2001-03-03 / Columnists

Historical Views by Emil Lucev

The Great Grand Daddy Of The Roller Coaster

During the formative years of the Rockaways as an amusement and beach resort (1857-1887) visitors and vacationers were provided with many forms of entertainment. Bathing, dining, dancing, boating and firework displays were the norm, but included were gambling and vice drinking (although hushed up), bathhouses, fakir stands, fortune tellers, Hindu mystics, palm readers, tea leave readers, horoscope readers, magic shows, freak shows, games of skill and chance, shooting galleries, deep sea fishing, fowl hunting, concert gardens, music halls, photo galleries, wax museums, beer gardens, dance halls, drugstores with patent medicines (outlawed in 1906 by Pure Food and Drug Acts), refreshment stands, cigar stands, pool halls, barber shops, horse and later steam driven carousels, catch penny amusements, narrow board sidewalks over beach sand, minstrel shows, walking contests, aerial acrobats, balloon ascensions, tents for the day/week/season, miniature railroads, steam operated circle swings, a mechanical museum, circus shows, snake charmers, a mechanical riding academy with iron horses, three shell monte, strength tests, and glass eaters – just to name a few. Seafood and shellfish dinners were the most popular.

Of all early amusement riders mentioned, the toboggan slide was about the most popular, next the carousel.

During the mid to late 1880’s, the sport of tobogganing was constructed of laminated pieces of flat wood, held together with crosspieces, to about a width of eighteen inches. The length varied from four to nine feet and the front was curled upward.

For amusement purposes, artificial chutes were developed. They had a width of three feet, were made of wood, and there were often several chutes side by side.

The chutes were steep to give an exciting speed, and a runway was provided at the bottom, which was considerably long.
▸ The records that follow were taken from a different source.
Section Estimates.
Variables (R : realType) (m n : nat) (q : R).
Hypotheses (m_gt0 : (0 < m)%N) (q_ge12 : 2^-1 <= q) (q_le1 : q <= 1).
Local Notation M := (Mind m n).
Local Notation W := (pweight q).
Local Notation J := (enumJ m n).
Local Notation ccard j := (#|eqclass j|%:R : R).

Let q_gt0 : 0 < q. Proof. by apply: lt_le_trans q_ge12; rewrite invr_gt0. Qed.
Let W_noninc k : W k.+1 <= W k. Proof. exact: pweight_noninc. Qed.
Let W_ge0 k : 0 <= W k. Proof. exact/pweight_ge0/ltW. Qed.

Lemma lorentz_level_le (A : pred M) (s : nat) :
  lorentz W J (fun j => ccard j `^ q * (A j && (level j == s))%:R)
    <= 2 * (\sum_(j <- J | A j && (level j == s)) #|eqclass j|)%:R `^ q.
Proof.
set P := fun j => A j && (level j == s); set N := count P J.
have le_card : forall j, ccard j `^ q * (P j)%:R <= (2 ^ s.+1)%:R `^ q * (P j)%:R.
  move=> j; rewrite /P; case: (level j =P s) => [<-|_]; rewrite ?andbF ?mulr0 //.
  case: (A j); rewrite ?mulr0 // !mulr1 ge0_ler_powR ?nnegrE ?ler_nat ?(ltW q_gt0) //.
  exact/ltnW/card_eqclass_lt_level.
apply: le_trans (ler_lorentz W_noninc W_ge0 le_card) _.
rewrite lorentzZ ?powR_ge0 // lorentz_indicator sum_pweight ?gt_eqF //.
rewrite -powRM ?ler0n // -natrM.
have le_count : (2 ^ s * N <= \sum_(j <- J | P j) #|eqclass j|)%N.
  rewrite /N -sum1_count big_distrr /= muln1; apply: leq_sum => j /andP[_ /eqP <-].
  exact: exp_level_le.
apply: le_trans (_ : (2 * \sum_(j <- J | P j) #|eqclass j|)%N%:R `^ q <= _).
  rewrite ge0_ler_powR ?nnegrE ?ler0n ?(ltW q_gt0) //.
  by rewrite ler_nat expnS -mulnA leq_mul2l le_count orbT.
by rewrite natrM powRM ?ler0n // ler_wpM2r ?powR_ge0 // ler1_powR ?ler1n.
Qed.

Lemma lorentz_indicator_le (A : pred M) :
  lorentz W J (fun j => ccard j `^ q * (A j)%:R)
    <= 2 * m%:R * (\sum_(j <- J | A j) #|eqclass j|)%:R `^ q.
Proof.
pose Ms s := (\sum_(j <- J | A j && (level j == s)) #|eqclass j|)%N.
have split_level j : (A j)%:R = \sum_(s < m * m) (A j && (level j == s))%:R :> R.
  rewrite (bigD1 (Ordinal (level_lt j m_gt0))) //= eqxx andbT big1 ?addr0 // => s.
  by rewrite andbC -val_eqE /= eq_sym => /negbTE->.
have sum_Ms : (\sum_(j <- J | A j) #|eqclass j| = \sum_(s < m * m) Ms s)%N.
  rewrite /Ms (exchange_big_dep A) => [|s j _ /andP[] //].
  apply: eq_bigr => j Aj; rewrite (big_pred1 (Ordinal (level_lt j m_gt0))) // => s /=.
  by rewrite Aj eq_sym -val_eqE.
rewrite (eq_in_lorentz J _ (fun j => \sum_(s < m * m)
           ccard j `^ q * (A j && (level j == s))%:R)); last first.
  by move=> j _; rewrite split_level mulr_sumr.
apply: le_trans; first exact: (lorentz_sum_le W_noninc).
apply: le_trans (_ : _ <= \sum_(s < m * m) 2 * (Ms s)%:R `^ q) _.
  by apply: ler_sum => s _; exact: lorentz_level_le.
rewrite -mulr_sumr -mulrA ler_wpM2l // sum_Ms natr_sum.
by apply: (sum_powR_le _ (fun s => (Ms s)%:R)) => // s.
Qed.

Lemma lorentz_class_weighted_le (g : M -> R) :
  (forall i, 0 <= g i) -> (forall i j, j \in eqclass i -> g i = g j) ->
  lorentz W J (fun j => ccard j `^ q * g j) <= 2 * m%:R * lorentz W (enum M) g.
Proof.
have [N] := ubnP (count (fun j => 0 < g j) J); elim: N g => // N IH g.
move=> cnt_g g_ge0 g_sym.
have [/hasP[j0 _ g_j0]|/hasPn g_J] := boolP (has (fun j => 0 < g j) J); last first.
  rewrite (eq_in_lorentz J _ (fun _ => 0)) ?lorentz0.
    by rewrite mulr_ge0 ?mulr_ge0 ?lorentz_ge0.
  move=> j /g_J; rewrite lt_def g_ge0 andbT negbK => /eqP->; exact: mulr0.
(* peel off the layer of height t, the least positive value of g *)
case: (arg_minP g (P := fun i => 0 < g i) g_j0) => i1 g_i1 min_i1; set t := g i1.
pose g' i := Num.max (g i - t) 0.
have t_ge0 : 0 <= t := ltW g_i1.
have g'_ge0 i : 0 <= g' i by rewrite le_max lexx orbT.
have g'_sym i j : j \in eqclass i -> g' i = g' j by move=> /g_sym eq_g; rewrite /g' eq_g.
have cnt_g' : (count (fun j => (0 < g' j)%R) J < N)%N.
  suff : (count (fun j => (0 < g' j)%R) J < count (fun j => (0 < g j)%R) J)%N by lia.
  apply: (count_lt_subpred (sorted_rep i1)).
  - by move=> j; rewrite /g' lt_max ltxx orbF subr_gt0; apply: le_lt_trans.
  - exact: sorted_rep_enumJ.
  - by rewrite -(g_sym _ _ (sorted_rep_in i1)).
  - by rewrite /g' -(g_sym _ _ (sorted_rep_in i1)) subrr maxxx ltxx.
have C_eq : count (fun i => 0 < g i) (enum M) = (\sum_(j <- J | (0 < g j)%R) #|eqclass j|)%N.
  by apply: count_class_invariant => i j /g_sym->.
rewrite (lorentz_layer (enum M) g t t_ge0 g_ge0 min_i1) sum_pweight ?gt_eqF // C_eq.
rewrite (eq_in_lorentz J _ (fun j => ccard j `^ q * g' j
                                     + t * (ccard j `^ q * (0 < g j)%R%:R))); last first.
  move=> j _; rewrite mulrCA -mulrDr -(min_layer t_ge0 (g_ge0 j) (min_i1 j)).
  by rewrite max_sub_add_min.
apply: le_trans (lorentzD_le W_noninc) _.
rewrite lorentzZ // mulrDr mulrCA lerD ?IH // ler_wpM2l //.
exact: lorentz_indicator_le.
Qed.

End Estimates.

Theorem lemma5p4 (R : realType) :
  exists L : R, 0 < L /\
    forall (m n : nat), (0 < m)%N ->
    forall a : Mind m n -> R[i], symmetric_mat a ->
      normDJ ((2 * m)%:R / (m.+1)%:R) a
        <= L * m%:R * normM ((2 * m)%:R / (m.+1)%:R) a.
Proof.
exists 2; split => // m n m_gt0 a a_sym.
have m_pos : 0 < m%:R :> R by rewrite ltr0n.
have m1E : m.+1%:R = m%:R + 1 :> R by rewrite -addn1 natrD.
have q_ge12 : 2^-1 <= m.+1%:R / (2 * m)%:R :> R.
  by rewrite natrM ler_pdivlMr ?mulr_gt0 // m1E mulrA mulVf ?mul1r ?pnatr_eq0 //; lra.
have q_le1 : m.+1%:R / (2 * m)%:R <= 1 :> R.
  rewrite natrM ler_pdivrMr ?mulr_gt0 // m1E mul1r.
  have : 1 <= m%:R :> R by rewrite ler1n.
  lra.
rewrite /normDJ /normM !lorentz_p1_map invf_div.
apply: lorentz_class_weighted_le => // [i|i j /a_sym->//].
by rewrite /cmod normc_def /= sqrtr_ge0.
Qed.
It was reported in old newspaper articles that several toboggan slides were in the seaside section of Rockaway Beach – close to the ocean shore.

Messrs. Barnes, Wainright, Brown, Grant, and Morrison were said to be operating toboggan slides.

On most toboggans, lubrication was provided by wax rug-like material secured to the bottoms, or as in Rockaway Beach – water running down the chute into a runway trough at the bottom or perhaps into the surf or a small narrow artificial pool of sorts.

I have yet to find any drawing or old photograph of a toboggan slide in Rockaway Beach, but, appearing today in Historical Views is a picture postcard of an old toboggan slide, water lubricated, built on a lake. This slide looks similar to the old Seaside Jack and Jill slides of the 1930’s that used the rug-bottomed conveyance down the slide.

In 1884 the first automatic toboggan rise opened in Coney Island. It was about three stories high and had several small cars, attached in train, running on secured rails. With people in the cars, this train of cars was hauled up to the top of the stacked oval shaped wooden frame structure, and let go, to let gravity bring the cars down the slightly inclined ovals, going around and down and back and forth until the bottom level was achieved. The new innovation was also called a switchback.

By 1888 there were two such devices in Seaside, one near the beach and a few blocks away the other half out on the beach.

Over the years the inventor of the switchback improved his device, which developed into the scenic railway (cars went in and out of buildings filled with magnificent scenery of all descriptions), some of which were double tracked.

After WW I the scenery filled structures slowly disappeared, the railways got higher, longer, and faster, and were now called roller coasters.

The inventor became known as Mr. Gravity, and was none other than Lamarcus A. Thompson – who in 1902 built and opened an amusement park and midway in Rockaway Beach, which became known as L.A. Thompson Amusement Park. In 1923 the original scenic railway was rebuilt higher and longer (the scenic buildings removed) and was christened as the Hurricane Coaster – 780 feet long.

Thompson died in 1926 and the family sold the park in 1928. From then on the park was known as Rockaway’s Playland. The coaster was shortened considerably when Shore Front Parkway was built by Robert Moses in 1938.

After WW II it was renamed as the Atom Smasher, and was featured in cinerama and films shown worldwide. In 1987 the wrecker’s ball ended 85 years of coaster history in Rockaway Beach.